6. If a Standalone (i.e., algorithm only without human-in-the-loop performance) was done

• Yes, the primary performance evaluation described is a standalone performance of the algorithm (the ARCHITECT CA 125 II Assay). This device is an automated immunoassay system that provides a quantitative CA 125 value without human subjective interpretation. All presented data (precision, method comparison, reference ranges, and association with disease state) represent the performance of the device itself.

7. The Type of Ground Truth Used

• For the quantitative CA 125 values: The ground truth is considered to be the true concentration of CA 125 reactive determinants in the sample. This is implicitly confirmed by the comparison to a predicate device (which aims to measure the same analyte) and by the internal precision studies.
• For the "Association between Change in Marker Value and Change in Disease State": The ground truth is the clinical disease state or progression of ovarian cancer based on clinical methods and chart review. This is not strictly "expert consensus pathology" or "outcomes data" but rather a clinical determination of disease progression over time.
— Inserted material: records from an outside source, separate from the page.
(* The Erdos-Renyi polarity graph ER_p on the points of PG(2, p): affine points
   (a, b), points at infinity [Some m], and the point [None]; (a, b) and (c, d)
   are adjacent iff ac = b + d.  The loops are the p + 1 absolute points. *)
Definition er_vertex := (('F_p * 'F_p) + option 'F_p)%type.

Definition er_adj (x y : er_vertex) : bool :=
  match x, y with
  | inl (a, b), inl (c, d) => a * c == b + d
  | inl (a, _), inr (Some m) | inr (Some m), inl (a, _) => a == m
  | inl _, inr None | inr None, inl _ | inr (Some _), inr (Some _) => false
  | inr _, inr _ => true
  end.

Lemma er_adj_sym : symmetric er_adj.
Proof. by case=> [[a b]|[m|]] [[c d]|[m'|]] //=; rewrite mulrC addrC. Qed.

Definition er_nbr (x : er_vertex) (o : option 'F_p) : er_vertex :=
  match x, o with
  | inl (a, b), Some c => inl (c, a * c - b)
  | inl (a, _), None | inr None, Some a => inr (Some a)
  | inr (Some m), Some b => inl (m, b)
  | inr _, None => inr None
  end.

Lemma er_nbr_inj x : injective (er_nbr x).
Proof. by case: x => [[a b]|[m|]] [c|] [c'|] //= [->]. Qed.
8. The Sample Size for the Training Set

• The document does not explicitly mention a "training set" for an algorithm. This is an immunoassay, not a machine learning algorithm in the typical sense that requires a training phase. While the assay's reagents and calibration parameters would have been developed and optimized, the specific sample sizes used in that developmental phase are not provided in this 510(k) summary focused on validation.
• The "calibration curve" mentioned in the reproducibility section suggests that a set of calibrators is used to establish the standard curve for quantitative measurement, but this is distinct from an AI training set.
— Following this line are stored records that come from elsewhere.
Lemma braid_tens_l {X Y A M W : Ob C} (x : Hom W _) :
  braid (tens X Y) A M \o (assoc_inv X Y (tens A M) \o x)
  = tensm (idm A) (assoc_inv X Y M) \o (braid X A (tens Y M) \o (tensm (idm X) (braid Y A M) \o x)).
Proof.
  enough (E : braid (tens X Y) A M \o assoc_inv X Y (tens A M)
    = tensm (idm A) (assoc_inv X Y M) \o (braid X A (tens Y M) \o tensm (idm X) (braid Y A M))).
  { rewrite comp_assoc, E. rassoc. reflexivity. }
  apply (split_epi_cancel _ _ (assoc X Y (tens A M) \o braid A (tens X Y) M)
      (braid (tens X Y) A M \o assoc_inv X Y (tens A M))).
  { apply eq_at_idm. rassoc. cancel_isos. reflexivity. }
  apply eq_at_idm. rassoc. cancel_isos. rewrite braid_tens_r. cancel_isos. reflexivity.
Qed.

Lemma braid_yang_baxter {X Y Z M W : Ob C} (x : Hom W _) :
  tensm (idm Z) (braid X Y M) \o (braid X Z (tens Y M) \o (tensm (idm X) (braid Y Z M) \o x))
  = braid Y Z (tens X M) \o (tensm (idm Y) (braid X Z M) \o (braid X Y (tens Z M) \o x)).
Proof.
  assert (L : forall X Y A M W (x : Hom W _),
    braid X A (tens Y M) \o (tensm (idm X) (braid Y A M) \o x)
    = tensm (idm A) (assoc X Y M) \o (braid (tens X Y) A M \o (assoc_inv X Y (tens A M) \o x))).
  { intros. rewrite braid_tens_l. cancel_isos. reflexivity. }
  rewrite !L.
  change (braid X Y M) with (assoc Y X M \o (tensm (sym X Y) (idm M) \o assoc_inv X Y M)).
  change (braid X Y (tens Z M))
    with (assoc Y X (tens Z M) \o (tensm (sym X Y) (idm _) \o assoc_inv X Y (tens Z M))).
  rassoc. rewrite !tensr_comp. rassoc. cancel_isos.
  rewrite <- braid_natx, tens_id. cancel_isos. rewrite <- (tens_id Z M). reflexivity.
Qed.

Lemma braid_unit_lu_inv {X M W : Ob C} (x : Hom W _) :
  braid X I M \o (tensm (idm X) (lu_inv M) \o x) = lu_inv (tens X M) \o x.
Proof.
  unfold braid. rassoc. rewrite triangle_invx, tensl_fuse, sym_ru_inv, assoc_tensl_lu_inv.
  reflexivity.
Qed.
Lemma lu_braid_unit {X M W : Ob C} (x : Hom W _) :
  lu (tens X M) \o (braid X I M \o x) = tensm (idm X) (lu M) \o x.
Proof.
  rewrite <- (tensr_cancel (lu_iso1 M) (E:=X) x) at 1.
  rewrite braid_unit_lu_inv. cancel_isos. reflexivity.
Qed.

Lemma middle_swap_braid (A B D X : Ob C) :
  middle_swap A B D X
  = assoc_inv A D (tens B X) \o (tensm (idm A) (braid B D X) \o assoc A B (tens D X)).
Proof. unfold middle_swap, braid. rewrite !comp_assoc. reflexivity. Qed.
9. How the Ground Truth for the Training Set was Established

• As a traditional immunoassay, there isn't a "training set" in the AI sense.
• For calibration, the ground truth for the calibrators would be established by careful preparation of known concentrations of the CA 125 antigen, typically through gravimetric or volumetric methods, and confirmation by reference methods. The document states "6 levels (0 - 1000 U/mL)" for standards, implying these are known concentrations used to create the standard curve.